Exciting Developments for Nordic Fibreboard: Merger and Meeting

Nordic Fibreboard AS Merger with Pärnu Riverside Development OÜ
Recent Merger Announcement
Nordic Fibreboard AS has embarked on a transformative journey by agreeing to merge with Pärnu Riverside Development OÜ. In this strategic move, Nordic Fibreboard AS is positioned as the acquiring entity, ensuring a seamless transition of assets and obligations from Pärnu Riverside Development OÜ. Following the completion of this merger, Nordic Fibreboard AS will retain its name, thereby continuing its legacy in the industry.
The anticipated date earmarked for the balance sheet of the merger is set, marking a momentous shift as both companies combine their strengths for future growth.
Extraordinary General Meeting Details
Meeting Announcement
Nordic Fibreboard AS will convene an extraordinary general meeting of its shareholders. This crucial gathering will take place on 1 September at 10:00, at their office located at Rääma 31, Pärnu.

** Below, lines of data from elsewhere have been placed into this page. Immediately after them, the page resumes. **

(* Let $m\in\mathbb{Z}_{>0}$, let $X$ be a set with $|X|=4m$, and let $\mu_X$ be the uniform distribution on $X$. Let $S$ be the class of all $s:X\to\{-1,1\}$ with $|\{x:s(x)=1\}|=m$, and $B$ the class of all $b:X\to\{-1,1\}$ with $|\{x:b(x)=1\}|=2m$. Then for all $\varepsilon,\delta\ge0$, $\#\mathsf{CompL}^{\mu_X}(S,B,\varepsilon,\delta)=0$, whereas for all $\varepsilon\in(0,1/4)$ and $\delta\in(0,1/2)$, $\#\mathsf{CompL}^{\mu_X}(B,S,\varepsilon,\delta)\ge(1/2-2\varepsilon)m$.
   Context: Distribution-specific comparative learning $\mathsf{CompL}^{\mu_X}_n(S,B,\varepsilon,\delta)$: (possibly randomized) learners taking $n$ points of $X\times\{-1,1\}$ and outputting $f:X\to\{-1,1\}$ such that for every distribution $\mu$ on $X\times\{-1,1\}$ with marginal $\mu|_X=\mu_X$ and $\Pr_\mu[s(x)=y]=1$ for some $s\in S$, given $n$ i.i.d. samples, with probability $\ge1-\delta$, $\Pr_\mu[f(x)\ne y]\le\inf_{b\in B}\Pr_\mu[b(x)\ne y]+\varepsilon$. $\#\mathsf{CompL}^{\mu_X}$ is the least such $n$. *)

From HB Require Import structures.
From mathcomp Require Import all_boot all_order all_algebra.
From mathcomp Require Import boolp classical_sets reals constructive_ereal ereal.
Set Implicit Arguments. Unset Strict Implicit. Unset Printing Implicit Defensive.
Import Order.TTheory GRing.Theory Num.Theory.
Local Open Scope ring_scope.

(* Labels {-1,1} are encoded as bool: true <-> 1, false <-> -1.
   Hypotheses X -> {-1,1} are finite functions {ffun X -> bool}. *)
Section CompL.
Context {R : realType} {X : finType}.

Definition hyp := {ffun X -> bool}.

Definition is_dist (T : finType) (p : {ffun T -> R}) : Prop :=
  (forall t, 0 <= p t) /\ \sum_t p t = 1.

Definition uniform (x : X) : R := (#|X|%:R)^-1.

Definition err (mu : {ffun X * bool -> R}) (f : hyp) : R :=
  \sum_(p : X * bool | f p.1 != p.2) mu p.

The registration for attendees will begin at 9:45.
To ensure equitable participation, the list of shareholders entitled to partake in this meeting will be established a week prior, reflecting the company's dedication to transparency and inclusiveness in decision-making processes.
Agenda Highlights for the Meeting
Supervisory Board Proposals
One of the foremost agenda items will involve the approval of the merger agreement with Pärnu Riverside Development OÜ. The Supervisory Board proposes that shareholders endorse this merger, confirming the solidification of Nordic Fibreboard AS's position as the legal successor of the acquired entity.
Moreover, the board will address the proposed conditional increase of Nordic Fibreboard AS's share capital. This would facilitate a public offering of shares, aimed at expanding market reach and enhancing liquidity within the company.
Conditional Increase in Share Capital
A key proposal involves a conditional increase in the share capital by €400,000, bringing the total to €849,906.10. The rationale behind this increase is to conduct a public offering of the company's shares, further positioning Nordic Fibreboard for growth on the Nasdaq Tallinn Stock Exchange. This offering is strategically limited to existing shareholders, ensuring they maintain their proportionate influence within the company.
Admission of New Shares to Trading
As part of the strategic adjustments, the Supervisory Board will also propose the admission of newly issued shares to the additional list of the Nasdaq Tallinn Stock Exchange. This move is anticipated to enhance the overall market presence of Nordic Fibreboard AS.
Participation Details for Shareholders
Shareholders attending the meeting are requested to prepare necessary documentation for registration, ensuring a smooth process. Natural person shareholders must present valid identification, while representatives of legal entities will need to provide appropriate documentation that confirms their authority.
Additionally, should shareholders seek to communicate with the company regarding their representation at the meeting, various methods, including email or physical submission, are available. This reflects the company’s commitment to facilitating shareholder engagement and ensuring all voices are heard.
Shareholder Rights and Communication
At the upcoming meeting, all shareholders will have the opportunity to receive updates about the company's developments. Nordic Fibreboard AS values its shareholders and aims to ensure they receive relevant and timely information. If any queries arise regarding the agenda, shareholders are encouraged to reach out via the established email communication channels.
In conclusion, the merger of Nordic Fibreboard AS with Pärnu Riverside Development OÜ represents a significant strategic advancement. The forthcoming extraordinary general meeting will play a pivotal role in shaping the future of the company and enhancing shareholder value, highlighting Nordic Fibreboard AS's commitment to growth and innovation.
Frequently Asked Questions
What is the purpose of the merger between Nordic Fibreboard AS and Pärnu Riverside Development OÜ?
The merger aims to facilitate asset and obligation transfers to strengthen Nordic Fibreboard AS's market position.
When will the extraordinary general meeting take place?
The meeting is scheduled for 1 September at 10:00 at the office of Nordic Fibreboard AS.
What are the proposals being discussed at the meeting?
Key proposals include approving the merger agreement, conditional share capital increase, and the admission of new shares on the Nasdaq Tallinn Stock Exchange.
How can shareholders participate in the meeting?
Shareholders can participate by registering in advance and providing the required documentation.
What if a shareholder wants to submit additional agenda items?
Shareholders representing at least 1/20 of the share capital can propose additional items at least 15 days before the meeting.